Each line in the records below that has the word "first" should be copied.

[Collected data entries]
──────────

(* Let $X$ be an infinite h-homogeneous zero-dimensional compact Hausdorff space, $G=\mathrm{Homeo}(X)$, $k\ge1$ and $T\in\{1,-1\}^{S_k}$. Define $\phi_T:\Phi(X)\to\Omega_k$ by $\phi_T(c)(\beta)=T(\theta_\beta(c))$. Then $\phi_T$ is continuous and $G$-equivariant.
   Context: h-homogeneous: every nonempty clopen subset of $X$ is homeomorphic to $X$. $\Phi(X)\subset\mathrm{Exp}(\mathrm{Exp}(X))$ is the compact space of maximal chains of nonempty closed subsets of $X$ (Vietoris topologies), with $gc=\{gF:F\in c\}$. $\mathcal D_k$ is the set of ordered partitions $(B_1,\dots,B_k)$ of $X$ into $k$ nonempty clopen sets, with $G$ acting piecewise and $S_k$ acting by $\sigma(B_1,\dots,B_k)=(B_{\sigma(1)},\dots,B_{\sigma(k)})$. $\Omega_k=\{1,-1\}^{\mathcal D_k}$ with the product topology and $G$-action $(g\omega)(\beta)=\omega(g^{-1}\beta)$. For $c\in\Phi(X)$ and nonempty closed $D$, $D_c=\bigcap\{A\in c:A\cap D\ne\emptyset\}$; for $\beta\in\mathcal D_k$, $t^*_c(\beta)$ lists the pieces of $\beta$ in increasing order with respect to $B_i<_cB_j\iff (B_i)_c\subseteq(B_j)_c$, and $\theta_\beta(c)\in S_k$ is the unique permutation with $\theta_\beta(c)\beta=t^*_c(\beta)$. *)

From HB Require Import structures.
From mathcomp Require Import all_boot all_order all_algebra all_fingroup.
From mathcomp Require Import all_classical all_reals all_analysis.

Set Implicit Arguments.
Unset Strict Implicit.
Unset Printing Implicit Defensive.

Import Order.TTheory GRing.Theory Num.Theory.
Local Open Scope classical_set_scope.

(* [vietoris T] is the power set of T endowed with the Vietoris topology,
   generated by the subbase {A | A `<=` U} and {A | A `&` U !=set0},
   U ranging over the open sets of T.  Restricted (as a subspace) to the
   nonempty closed sets this is the usual hyperspace Exp(T). *)
Definition vietoris (T : Type) := set T.

HB.instance Definition _ (T : Type) := Choice.on (vietoris T).

Definition vietoris_index (T : topologicalType) := (set T * bool)%type.

Definition vietoris_dom (T : topologicalType) : set (vietoris_index T) :=
  [set Ub | open Ub.1].

Definition vietoris_subbase (T : topologicalType) (Ub : vietoris_index T)
  : set (vietoris T) :=
  if Ub.2 then [set A : set T | A `<=` Ub.1]
  else [set A : set T | A `&` Ub.1 !=set0].

HB.instance Definition _ (T : topologicalType) :=
  @isSubBaseTopological.Build (vietoris T) (vietoris_index T)
    (@vietoris_dom T) (@vietoris_subbase T).

Definition ExpSet (X : topologicalType) : set (set X) :=
  [set F | closed F /\ F !=set0].

Arguments ExpSet X : clear implicits.

Definition Exp (X : topologicalType) : topologicalType :=
  subspace (ExpSet X : set (vietoris X)).

(* the ambient space of Exp(Exp(X)): subsets of Exp(X) with the Vietoris
   topology built from the topology of Exp(X) *)
Definition ExpExp (X : topologicalType) : topologicalType := vietoris (Exp X).

Arguments Exp X : clear implicits.
Arguments ExpExp X : clear implicits.

Definition is_chain (X : topologicalType) (c : set (set X)) :=
  c `<=` ExpSet X /\
  (forall A B, c A -> c B -> A `<=` B \/ B `<=` A).

Definition maximal_chain (X : topologicalType) (c : set (set X)) :=
  is_chain c /\ (forall c', is_chain c' -> c `<=` c' -> c' = c).

Definition Phi (X : topologicalType) : set (ExpExp X) :=
  [set c | maximal_chain (c : set (set X))].

Arguments Phi X : clear implicits.

Definition act_chain (X : Type) (g : X -> X) (c : set (set X)) : set (set X) :=
  [set g @` F | F in c].

Definition ordered_partition (X : topologicalType) (k : nat)
  (B : 'I_k -> set X) :=
  [/\ (forall i, clopen (B i) /\ B i !=set0),
      (forall i j, i != j -> B i `&` B j = set0) &
      \bigcup_i B i = [set: X]].

Definition Dk (X : topologicalType) (k : nat) : Type :=
  set_type (@ordered_partition X k).

Arguments Dk X k : clear implicits.

(* piecewise action of a map g on D_k:  g (B_1,...,B_k) = (g B_1,...,g B_k)
   (insubd returns the argument unchanged when the image is not in D_k,
   which never happens for homeomorphisms g) *)
Definition act_D (X : topologicalType) (k : nat) (g : X -> X) (b : Dk X k)
  : Dk X k := insubd b (fun i => g @` (val b i)).

Definition perm_act (X : Type) (k : nat) (s : 'S_k) (B : 'I_k -> set X)
  : 'I_k -> set X := fun i => B (s i).

(* Omega_k = {1,-1}^{D_k}, product topology; the two-point discrete space
   {1,-1} is represented by bool (true = 1, false = -1) *)
Definition Omega (X : topologicalType) (k : nat) : topologicalType :=
  {ptws Dk X k -> bool}.

Arguments Omega X k : clear implicits.

(* G-action on Omega_k: (g w)(beta) = w(g^{-1} beta), with ginv = g^{-1} *)
Definition act_Omega (X : topologicalType) (k : nat) (ginv : X -> X)
  (w : Omega X k) : Omega X k := fun b => w (act_D ginv b).

Definition Dc (X : Type) (c : set (set X)) (D : set X) : set X :=
  \bigcap_(A in [set A | c A /\ A `&` D !=set0]) A.

(* s beta = t*_c(beta): the pieces (s beta)_1, ..., (s beta)_k are listed
   in increasing order for <_c *)
Definition increasing_for (X : Type) (k : nat) (c : set (set X))
  (B : 'I_k -> set X) (s : 'S_k) :=
  forall i j : 'I_k, (i < j)%N ->
    Dc c (perm_act s B i) `<=` Dc c (perm_act s B j).

Definition theta (X : topologicalType) (k : nat) (b : Dk X k)
  (c : set (set X)) : 'S_k :=
  odflt 1%g [pick s : 'S_k | `[< increasing_for c (val b) s >] ].

Definition phi (X : topologicalType) (k : nat) (T : 'S_k -> bool)
  (c : ExpExp X) : Omega X k :=
  fun b => T (theta b c).

Definition zero_dim (X : topologicalType) :=
  forall (U : set X) (x : X), open U -> U x ->
    exists V : set X, [/\ clopen V, V x & V `<=` U].

Definition homeomorphic_to_space (X : topologicalType) (A : set X) :=
  exists f : X -> X, exists g : X -> X,
    [/\ continuous f, f @` [set: X] = A,
        {within A, continuous g} &
        (forall x, g (f x) = x) /\ (forall y, A y -> f (g y) = y)].

Definition h_homogeneous (X : topologicalType) :=
  forall A : set X, clopen A -> A !=set0 -> homeomorphic_to_space A.

Definition homeo_pair (X : topologicalType) (g ginv : X -> X) :=
  [/\ continuous g, continuous ginv, cancel g ginv & cancel ginv g].

From HB Require Import structures.
From mathcomp Require Import all_boot all_order all_algebra all_fingroup.
From mathcomp Require Import all_classical all_reals all_analysis.
Local Open Scope classical_set_scope.
Set Implicit Arguments.
Unset Strict Implicit.

(** For disjoint nonempty clopen sets D and D' and a maximal chain c, the
    comparison of D_c and D'_c is witnessed by a single member of c: D_c is
    contained in D'_c exactly when some member of c meets D but misses D';
    here compactness gives D_c a point of D, and maximality of c produces a
    separating member in one direction or the other.  Such a separating
    member persists under small Vietoris perturbations of c, so every
    theta_beta is locally constant on Phi(X), and phi_T is continuous for
    the product topology.  Equivariance is the identity
    D_{gc} = g (g^-1 D)_c. *)

Definition nested (T : Type) (c : set (set T)) :=
  forall A B, c A -> c B -> A `<=` B \/ B `<=` A.

Definition separates (T : Type) (c : set (set T)) (D D' : set T) :=
  exists2 A, c A & A `&` D !=set0 /\ A `&` D' = set0.

Lemma chain_nested (X : topologicalType) (c : set (set X)) :
  is_chain c -> nested c.
Proof. by case. Qed.

Lemma chain_closed (X : topologicalType) (c : set (set X)) A :
  is_chain c -> c A -> closed A.
Proof. by move=> [sE _] /sE []. Qed.

Lemma separates_Dc_sub (T : Type) (c : set (set T)) (D D' : set T) :
  nested c -> separates c D D' -> Dc c D `<=` Dc c D'.
Proof.
move=> ch [A cA [AD AD']] x Dcx A' [cA' [y [A'y D'y]]].
have [AA'|A'A] := ch A A' cA cA'; first by apply: AA'; apply: Dcx.
have : (A `&` D') y by split=> //; apply: A'A.
by rewrite AD'.
Qed.

Lemma separates_asym (T : Type) (c : set (set T)) (D D' : set T) :
  nested c -> separates c D D' -> ~ separates c D' D.
Proof.
move=> ch [A cA [[x [Ax Dx]] AD']] [A' cA' [[y [A'y D'y]] A'D]].
have [AA'|A'A] := ch A A' cA cA'.
  have : (A' `&` D) x by split=> //; apply: AA'.
  by rewrite A'D.
have : (A `&` D') y by split=> //; apply: A'A.
by rewrite AD'.
Qed.

Lemma Dc_meets (X : topologicalType) (c : set (set X)) (D : set X) :
  compact [set: X] -> is_chain c -> closed D -> D !=set0 ->
  Dc c D `&` D !=set0.
Proof.
move=> cpt ch clD [d Dd].
have [[A0 [cA0 A0D]]|noA] := pselect (exists A, c A /\ A `&` D !=set0);
  last by exists d; split=> // A [cA AD]; exfalso; apply: noA; exists A.
pose F := filter_from [set A | c A /\ A `&` D !=set0] (fun A => A `&` D).
have FF : ProperFilter F.
  apply: filter_from_proper => [|A []//].
  apply: filter_from_filter; first by exists A0.
  move=> A B [cA AD] [cB BD].
  have [AB|BA] := chain_nested ch cA cB.
    by exists A => // x [Ax Dx]; split; split=> //; apply: AB.
  by exists B => // x [Bx Dx]; split; split=> //; apply: BA.
have [p [_ clFp]] := cpt F FF filterT.
have inAD A : c A -> A `&` D !=set0 -> (A `&` D) p.
  move=> cA AD; apply: (closedI (chain_closed ch cA) clD).
  by move=> B /clFp; apply; exists A.
exists p; split; last by case: (inAD A0 cA0 A0D).
by move=> A [cA AD]; case: (inAD A cA AD).
Qed.

Lemma maximal_chain_mem (X : topologicalType) (c : set (set X)) (N : set X) :
  maximal_chain c -> closed N -> N !=set0 ->
  (forall A, c A -> A `<=` N \/ N `<=` A) -> c N.
Proof.
move=> [[sE ch] max] clN N0 cmp.
suff <- : c `|` [set N] = c by right.
apply: max => [|A cA]; last by left.
split=> [A [/sE //|->] //|A B [cA|->] [cB|->]]; first exact: ch.
- by have [] := cmp A cA; [left|right].
- by have [] := cmp B cB; [right|left].
- by left.
Qed.

Lemma maximal_chain_separates (X : topologicalType) (c : set (set X))
    (D D' : set X) :
  compact [set: X] -> maximal_chain c -> closed D -> D !=set0 -> open D' ->
  D `&` D' = set0 -> separates c D D' \/ separates c D' D.
Proof.
move=> cpt mc clD D0 oD' DD'.
have ch := mc.1.
(* If nothing separates D' from D, then D_c minus D' is comparable with every
   member of c, hence belongs to c, and it separates D from D'. *)
have [|nsep] := pselect (separates c D' D); [by right | left].
have [y [Dcy Dy]] := Dc_meets cpt ch clD D0.
have D'y : ~ D' y by move=> D'y; have : (D `&` D') y by []; rewrite DD'.
pose N := Dc c D `&` ~` D'.
have clN : closed N.
  apply: closedI; last exact: open_closedC.
  by apply: closed_bigI => A [cA _]; exact: chain_closed ch cA.
have cmpN A : c A -> A `<=` N \/ N `<=` A.
  move=> cA; have [AD|AD] := pselect (A `&` D !=set0).
    by right=> x [Dcx _]; exact: Dcx.
  left=> x Ax; split.
    move=> B [cB BD]; have [AB|BA] := chain_nested ch cA cB; first exact: AB.
    exfalso; apply: AD; case: BD => z [Bz Dz].
    by exists z; split=> //; exact: BA.
  move=> D'x; apply: nsep; exists A => //.
  by split; [exists x|exact/nonemptyPn].
have cN : c N by apply: maximal_chain_mem => //; exists y.
exists N => //; split; first by exists y.
by apply/seteqP; split=> [z [[_ nD'z] D'z]|//].
Qed.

──────────

• **Solution for this problem**:
have [AA'|A'A] := ch A A' cA cA'; first by apply: AA'; apply: Dcx.
  apply: filter_from_filter; first by exists A0.
split=> [A [/sE //|->] //|A B [cA|->] [cB|->]]; first exact: ch.
    move=> B [cB BD]; have [AB|BA] := chain_nested ch cA cB; first exact: AB.
exists N => //; split; first by exists y.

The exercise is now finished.